Normand Anne-Cécile, Cassagne Carole, Gautier Magali, Becker Pierre, Ranque Stéphane, Hendrickx Marijke, Piarroux Renaud
Laboratoire de Parasitologie-Mycologie, CHU Timone, Université de la Méditerranée, Marseille, France.
Service of Mycology and Aerobiology, BCCM/IHEM Fungal Collection, Scientific Institute of Public Health, Brussels, Belgium.
BMC Microbiol. 2017 Jan 31;17(1):25. doi: 10.1186/s12866-017-0937-2.
Several Matrix-Assisted Laser Desorption/Ionization Time-of-Flight mass spectrometry protocols, which differ in identification criteria, have been developed for mold and dermatophyte identification.

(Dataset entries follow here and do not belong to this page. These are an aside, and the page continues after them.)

Lemma inner_search j : inner_spec j.
Proof.
elim: j => [|j IHj] u e f blk ost ist lt_e size_ist ost_ok ist_ok;
  have bnd md b : md <= 3 -> ab_bounded (ABSt md f b ost ist)
    by move=> le_md; rewrite /ab_bounded /= le_md ost_ok ist_ok.
  have last_u : col u || ((size ist).+1 == d1.-1) by apply/orP; right; apply/eqP; lia.
  by exists 1; split=> //; rewrite /= orbF; apply: run_move1; rewrite ?inner_step_back ?bnd.
case: (boolP (col u)) => [black_u | white_u].
  exists 1; split; last exact: dfs_cost_gt0.
  by rewrite /= black_u /=; apply: run_move1; rewrite ?inner_step_back ?black_u ?bnd.
have step_u : ab_step d1 (ABSt 2 f blk ost ist) (obs_at u (Some e)) =
              inner_iter (deg u) (ABSt 2 f blk ost (e :: ist)) 0.
  rewrite /obs_at /ab_step /= (negbTE white_u).
  by have -> : ((size ist).+1 == d1.-1) = false by apply/eqP; lia.
case: (scan_run (ex := Some e) (m := 2) (mr := 3) (mk := fun md b _ => ABSt md f b ost (e :: ist))
    (iter := inner_iter) (fin := inner_return) (fun _ _ _ _ => erefl) (fun _ _ _ => erefl)
    (child := fun p => sees_black j (nbr u p) (ent u p)) (c := dfs_cost j)
    _ (k := false) (bnd 2 blk isT) step_u)
  => [p b k lt_p _ | e' [s' [md' [k' [n [run_u [step_s' le_n]]]]]]].
  case: (port_ok lt_p) => lt_ent _ _.
  have ist_ok' : small_stack (e :: ist) by apply: small_stack_cons lt_e _ ist_ok; lia.
  by exists k; apply: IHj _ _ f b ost (e :: ist) lt_ent (ltac:(rewrite /=; lia)) ost_ok ist_ok'.
exists n.+1; split; last by have := scan_cost_le le_n; rewrite /=; lia.
rewrite -[n.+1]addn1 /= (negbTE white_u) /=; apply: run_cat (run_u) _.
exact: run_move1 step_s' lt_e (run_bounded_r run_u) (bnd 3 _ isT).
Qed.

Hypothesis d1_ge2 : 2 <= d1.

(* As the black node [x] is at most [d1] moves away, a reported white node
   [w] has white radius [d1 - 1] iff [~~ near_black w]. *)
Definition near_black (w : V) :=
  has (fun p => sees_black d1.-2 (nbr w p) (ent w p)) (out_ports w None 0).

Lemma near_black_test w e f ost s : small_stack ost -> ab_bounded s ->
  ab_step d1 s (obs_at w e) = inner_iter (deg w) (ABSt 3 f false ost [::]) 0 ->
  exists e' s' n, run w e s w e' s' n
    /\ ab_step d1 s' (obs_at w e') =
       outer_return (ABSt 1 (f || ~~ near_black w) (near_black w) ost [::])
    /\ n <= Dl * (dfs_cost d1.-2).+1.
Proof.
move=> ost_ok bnd_s step_s.
case: (scan_run (ex := None) (m := 2) (mr := 3) (mk := fun md b _ => ABSt md f b ost [::])
    (iter := inner_iter)
    (fin := fun s => outer_return (ABSt 1 (ab_found s || ~~ ab_blk s) (ab_blk s) (ab_ost s) [::]))
    (fun _ _ _ _ => erefl) (fun _ _ _ => erefl)
    (child := fun p => sees_black d1.-2 (nbr w p) (ent w p)) (c := dfs_cost d1.-2)
    _ (k := false) bnd_s step_s)
  => [p b k lt_p _ | e' [s' [md' [k' [n [run_w [step_s' le_n]]]]]]].
  case: (port_ok lt_p) => lt_ent _ _.
  exists k; exact: (@inner_search d1.-2 _ _ f b ost [::] lt_ent (ltac:(rewrite /=; lia)) ost_ok).
by exists e', s', n; split=> //; split; [exact: step_s' | exact: scan_cost_le le_n].
Qed.

(* [j] is the number of moves left to the report depth [d1]. *)
Fixpoint finds_far_white (j : nat) (v : V) (e : nat) : bool :=
  ~~ col v && if j is j'.+1
              then has (fun p => finds_far_white j' (nbr v p) (ent v p)) (out_ports v (Some e) 0)
              else ~~ near_black v.

Definition outer_spec j := forall v e f blk ost,
  e < deg v -> size ost + j.+1 = d1 -> small_stack ost ->
  exists blk' n, run v (Some e) (ABSt 0 f blk ost [::]) (nbr v e) (Some (ent v e))
                     (ABSt 1 (f || finds_far_white j v e) blk' ost [::]) n
                 /\ n <= dfs_cost (j + d1.-1).

Lemma outer_step_back v e f blk ost : col v || f && ((size ost).+1 == d1) ->
  ab_step d1 (ABSt 0 f blk ost [::]) (obs_at v (Some e)) = AMove e (ABSt 1 f blk ost [::]).
Proof. by rewrite /obs_at /ab_step /=; case: (col v); case: f; case: eqP. Qed.

Lemma outer_step_leaf v e f blk ost : ~~ col v -> ~~ f -> (size ost).+1 = d1 ->
  ab_step d1 (ABSt 0 f blk ost [::]) (obs_at v (Some e)) =
  inner_iter (deg v) (ABSt 3 f false (e :: ost) [::]) 0.
Proof. by rewrite /obs_at /ab_step /= => /negbTE -> /negbTE -> ->; rewrite eqxx. Qed.

Lemma outer_step_descend v e f blk ost : ~~ col v -> (size ost).+1 != d1 ->
  ab_step d1 (ABSt 0 f blk ost [::]) (obs_at v (Some e)) =
  outer_iter (deg v) (ABSt 0 f blk (e :: ost) [::]) 0.
Proof. by rewrite /obs_at /ab_step /= => /negbTE -> /negbTE ->. Qed.

Lemma outer_search j : outer_spec j.
Proof.
elim: j => [|j IHj] v e f blk ost lt_e size_ost ost_ok;
  have bnd md b k : md <= 3 -> ab_bounded (ABSt md b k ost [::])
    by move=> le_md; rewrite /ab_bounded /= le_md ost_ok.
  case: (boolP (col v || f)) => [stop_v | /norP [white_v not_f]].
    exists blk, 1; split; last exact: dfs_cost_gt0.
    have -> : f || finds_far_white 0 v e = f by rewrite /=; case/orP: stop_v => ->; rewrite ?orbF.
    apply: run_move1 => //; try exact: bnd.
    by rewrite outer_step_back // -size_ost addn1 eqxx andbT.
  have leaf_v := @outer_step_leaf v e f blk ost white_v not_f (ltac:(lia)).
  have ost_ok' : small_stack (e :: ost) by apply: small_stack_cons lt_e _ ost_ok; lia.
  have [e' [s' [n [run_v [step_s' le_n]]]]] :=
    near_black_test ost_ok' (bnd 0 _ _ isT) leaf_v.
  exists (near_black v), n.+1; split.
    rewrite -[n.+1]addn1 /= white_v /=; apply: run_cat (run_v) _.
    exact: run_move1 step_s' lt_e (run_bounded_r run_v) (bnd 1 _ _ isT).
  by have -> : 0 + d1.-1 = d1.-2.+1 by lia.
case: (boolP (col v)) => [black_v | white_v].
  exists blk, 1; split; last exact: dfs_cost_gt0.
  by rewrite /= black_v orbF; apply: run_move1; rewrite ?outer_step_back ?black_v ?bnd.
have ost_ok' : small_stack (e :: ost) by apply: small_stack_cons lt_e _ ost_ok; lia.
have step_v := @outer_step_descend v e f blk ost white_v (ltac:(by apply/eqP; lia)).
case: (scan_run (ex := Some e) (m := 0) (mr := 1) (mk := fun md b k => ABSt md b k (e :: ost) [::])
    (iter := outer_iter) (fin := outer_return) (fun _ _ _ _ => erefl) (fun _ _ _ => erefl)
    (child := fun p => finds_far_white j (nbr v p) (ent v p)) (c := dfs_cost (j + d1.-1))
    _ (bnd 0 _ _ isT) step_v)
  => [p b k lt_p _ | e' [s' [md' [k' [n [run_v [step_s' le_n]]]]]]].
  case: (port_ok lt_p) => lt_ent _ _.
  exact: IHj _ _ b k (e :: ost) lt_ent (ltac:(rewrite /=; lia)) ost_ok'.
exists k', n.+1; split.
  rewrite -[n.+1]addn1 /= white_v /=; apply: run_cat (run_v) _.
  exact: run_move1 step_s' lt_e (run_bounded_r run_v) (bnd 1 _ _ isT).
by have := scan_cost_le le_n; rewrite addSn /=; lia.
Qed.

Definition finds_A (x : V) :=
  has (fun p => finds_far_white d1.-1 (nbr x p) (ent x p)) (out_ports x None 0).

Lemma robot_run x : exists n b,
  exec deg nbr ent col (AorB_robot d1) n.+1 x None (rinit (AorB_robot d1))
  = Some (if finds_A x then ClsA else ClsB, x, n, b)
  /\ b <= mem_bound /\ n <= Dl * (dfs_cost (d1.-1 + d1.-1)).+1.
Proof.
have step_x : ab_step d1 (ABSt 0 false false [::] [::]) (obs_at x None) =
              outer_iter (deg x) (ABSt 0 false false [::] [::]) 0.
  rewrite /obs_at /ab_step /=.
  by have -> : (0 == d1) = false by apply/eqP; lia.
case: (scan_run (ex := None) (m := 0) (mr := 1) (mk := fun md b k => ABSt md b k [::] [::])
    (iter := outer_iter) (fin := outer_return) (fun _ _ _ _ => erefl) (fun _ _ _ => erefl)
    (child := fun p => finds_far_white d1.-1 (nbr x p) (ent x p)) (c := dfs_cost (d1.-1 + d1.-1))
    _ (isT : ab_bounded (ABSt 0 false false [::] [::])) step_x)
  => [p b k lt_p _ | e' [s' [md' [k' [n [run_x [step_s' le_n]]]]]]].
  case: (port_ok lt_p) => lt_ent _ _.
  exact: (@outer_search d1.-1 _ _ b k [::] lt_ent (ltac:(rewrite /=; lia)) isT).
have [b exec_x le_b] := exec_run run_x step_s'.
by exists n, b; split; [exact: exec_x | split; [exact: le_b | exact: scan_cost_le le_n]].
Qed.

End Run.

Section Distance.
Variables (V : finType) (deg : V -> nat) (nbr : V -> nat -> V) (ent : V -> nat -> nat).
Hypothesis port_ok : port_graph deg nbr ent.
Hypothesis conn : connected deg nbr.
Variable r : V.

Local Notation lev v := (dist deg nbr r v).

Lemma in_ballS k u : (u \in ball deg nbr k.+1 r) =
  (u \in ball deg nbr k r) || [exists v in ball deg nbr k r, adj deg nbr v u].
Proof. by rewrite /= !inE. Qed.

Lemma path_ball x p k : path (adj deg nbr) x p -> x \in ball deg nbr k r ->
  last x p \in ball deg nbr (k + size p) r.
Proof.
elim: p x k => [|y p IHp] x k /=; first by rewrite addn0.
move=> /andP [adj_xy path_p] x_k; rewrite addnS -addSn; apply: IHp => //.
by rewrite in_ballS; apply/orP; right; apply/existsP; exists x; rewrite x_k.
Qed.

Lemma mem_ball_dist u : u \in ball deg nbr (lev u) r.
Proof.
have /connectP [p path_p ->] := conn r u.
case: (shortenP path_p) => p' path_p' uniq_p' _.
have size_p' : size p' < #|V|.
  by have := max_card (mem (r :: p')); rewrite (card_uniqP uniq_p') /=.
have ball_p' : has (fun k => last r p' \in ball deg nbr k r) (iota 0 #|V|).
  apply/hasP; exists (size p'); first by rewrite mem_iota.
  by rewrite -[size p']add0n; apply: path_ball => //=; rewrite inE.
have lt_find : find (fun k => last r p' \in ball deg nbr k r) (iota 0 #|V|) < #|V|.
  by move: ball_p'; rewrite has_find size_iota.
by have := nth_find 0 ball_p'; rewrite /dist nth_iota // add0n.
Qed.

Lemma dist_le u k : u \in ball deg nbr k r -> lev u <= k.
Proof.
move=> u_k; case: (ltnP k #|V|) => [lt_k | le_k].
  rewrite leqNgt; apply/negP => lt_ku.
  by have := before_find 0 lt_ku; rewrite nth_iota // add0n u_k.
by apply: leq_trans le_k; rewrite /dist; apply: leq_trans (find_size _ _) _; rewrite size_iota.
Qed.

Lemma dist_nbr_le u p : p < deg u -> lev (nbr u p) <= (lev u).+1.
Proof.
move=> lt_p; apply: dist_le; rewrite in_ballS; apply/orP; right.
apply/existsP; exists u; rewrite mem_ball_dist /=.
by apply/existsP; exists (Ordinal lt_p).
Qed.

Lemma dist_nbr_ge u p : p < deg u -> lev u <= (lev (nbr u p)).+1.
Proof. by move=> /port_ok [lt_ent nbr_back _]; have := dist_nbr_le lt_ent; rewrite nbr_back. Qed.

Lemma dist_parent u : 0 < lev u -> exists2 p, p < deg u & lev (nbr u p) = (lev u).-1.
Proof.
move=> lev_gt0; have := mem_ball_dist u.
case lev_u: (lev u) lev_gt0 => [|k] // _; rewrite in_ballS => /orP [u_k|].
  by have := dist_le u_k; rewrite lev_u ltnn.
move=> /existsP [v /andP [v_k /existsP [p /eqP nbr_vp]]].
have [lt_ent nbr_back _] := port_ok (ltn_ord p); rewrite nbr_vp in lt_ent nbr_back.
exists (ent v p) => //; rewrite nbr_back.
by have := dist_le v_k; have := dist_nbr_ge lt_ent; rewrite nbr_back lev_u /=; lia.
Qed.

Lemma two_le_maxdeg x : 2 <= lev x -> 2 <= maxdeg deg.
Proof.
move=> lev_x; have [p lt_p lev_p] := dist_parent (u := x) (ltac:(lia)).
have [lt_ent nbr_back _] := port_ok lt_p.
have [p' lt_p' lev_p'] := dist_parent (u := nbr x p) (ltac:(lia)).
have ne_p' : p' <> ent x p by move=> eq_p'; move: lev_p'; rewrite eq_p' nbr_back lev_p; lia.
by apply: leq_trans (leq_bigmax (nbr x p)); lia.
Qed.
End Distance.

Section Correctness.
Variables (V : finType) (deg : V -> nat) (nbr : V -> nat -> V) (ent : V -> nat -> nat).
Hypothesis port_ok : port_graph deg nbr ent.
Hypothesis conn : connected deg nbr.
Variables (r : V) (d1 d2 : nat).
Hypothesis d1_ge2 : 2 <= d1.
Hypothesis d2_ge : 2 * d1 <= d2.

Local Notation lev v := (dist deg nbr r v).
Local Notation black := (AL_black deg nbr r d1 d2).
Local Notation q := (d1 + d2 + 2).
Local Notation sees_black := (sees_black deg nbr ent black).
Local Notation near_black := (near_black deg nbr ent black d1).
Local Notation finds_far_white := (finds_far_white deg nbr ent black d1).

Lemma AL_black_level v k i : lev v = k * q + i -> i < q ->
  black v = [|| i == d2 + 1, i == d1 + d2 + 1, i == 0 | i == 1].
Proof.
by move=> lev_v lt_iq; rewrite /AL_black /inA /inB /inC /inD /ALq lev_v modnMDl modn_small.
Qed.

Lemma white_below_A k y : k * q + 2 <= lev y <= k * q + d2 -> black y = false.
Proof.
move=> /andP [lo hi]; rewrite (@AL_black_level y k (lev y - k * q)); [| lia | lia].
by apply/negbTE; rewrite !negb_or; apply/and4P; split; apply/eqP; lia.
Qed.

Lemma sees_black_white_band lo hi : (forall y, lo <= lev y <= hi -> black y = false) ->
  forall j u e, lo + j <= lev u -> lev u + j <= hi -> sees_black j u e = false.
Proof.
move=> white_band; elim=> [|j IHj] u e lo_u hi_u /=.
  by rewrite white_band //; apply/andP; split; lia.
rewrite white_band /=; last by apply/andP; split; lia.
apply/hasPn => p; rewrite mem_out_ports => /andP [lt_p _].
have := dist_nbr_le conn r lt_p; have := dist_nbr_ge port_ok conn r lt_p.
by move=> ? ?; apply/negbT; apply: IHj; lia.
Qed.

Currently, the most widely used approach is Bruker technology, although no consensus concerning the log(score) threshold has been established. Furthermore, it remains unknown how far increasing the number of spots to compare results might improve identification performance. In this study, we used in-house and Bruker reference databases as well as a panel of 422 isolates belonging to 126 species to test various thresholds. Ten distinct identification algorithms requiring one to four spots were tested.
Our findings indicate that optimal results were obtained by applying a decisional algorithm in which only the highest score of four spots was taken into account with a 1.7 log(score) threshold. Testing the entire panel enabled identification of 87.41% (in-house database) and 35.15% (Bruker database) of isolates, with a positive predictive value (PPV) of 1 at the genus level for both databases as well as 0.89 PPV (in-house database) and 0.72 PPV (Bruker database) at the species level. Applying the same rules to the isolates for which the species were represented by at least three strains in the database enabled identification of 92.1% (in-house database) and 46.6% (Bruker database) of isolates, with 1 PPV at the genus level for both databases as well as 0.95 PPV (in-house database) and 0.93 PPV (Bruker database) at the species level.
Depositing four spots per extract and lowering the threshold to 1.7, a threshold which is notably lower than that recommended for bacterial identification, decreased the number of unidentified specimens without altering the reliability of the accepted results. Nevertheless, regardless of the criteria used for mold and dermatophyte identification, commercial databases require optimization.
已开发出几种基质辅助激光解吸/电离飞行时间质谱分析方案用于霉菌和皮肤癣菌鉴定,这些方案在鉴定标准上存在差异。目前,使用最广泛的方法是布鲁克技术,不过对于对数(得分)阈值尚未达成共识。此外,增加用于比较结果的斑点数量能在多大程度上提高鉴定性能仍不清楚。在本研究中,我们使用内部和布鲁克参考数据库以及一组属于126个物种的422株分离株来测试各种阈值。测试了十种不同的鉴定算法,这些算法需要一到四个斑点。
我们的研究结果表明,通过应用一种决策算法可获得最佳结果,该算法只考虑四个斑点中的最高分,对数(得分)阈值为1.7。对整个菌株库进行测试,在属水平上,两个数据库的阳性预测值(PPV)均为1,内部数据库在种水平上的PPV为0.89,布鲁克数据库为0.72,分别能够鉴定出87.41%(内部数据库)和35.15%(布鲁克数据库)的分离株。对数据库中至少由三个菌株代表该物种的分离株应用相同规则,在属水平上,两个数据库的PPV均为1,内部数据库在种水平上的PPV为0.95,布鲁克数据库为0.93,分别能够鉴定出92.1%(内部数据库)和46.6%(布鲁克数据库)的分离株。
每个提取物放置四个斑点并将阈值降低到1.7,该阈值明显低于细菌鉴定推荐的阈值,减少了未鉴定标本的数量,同时不改变已接受结果的可靠性。然而,无论用于霉菌和皮肤癣菌鉴定的标准如何,商业数据库都需要优化。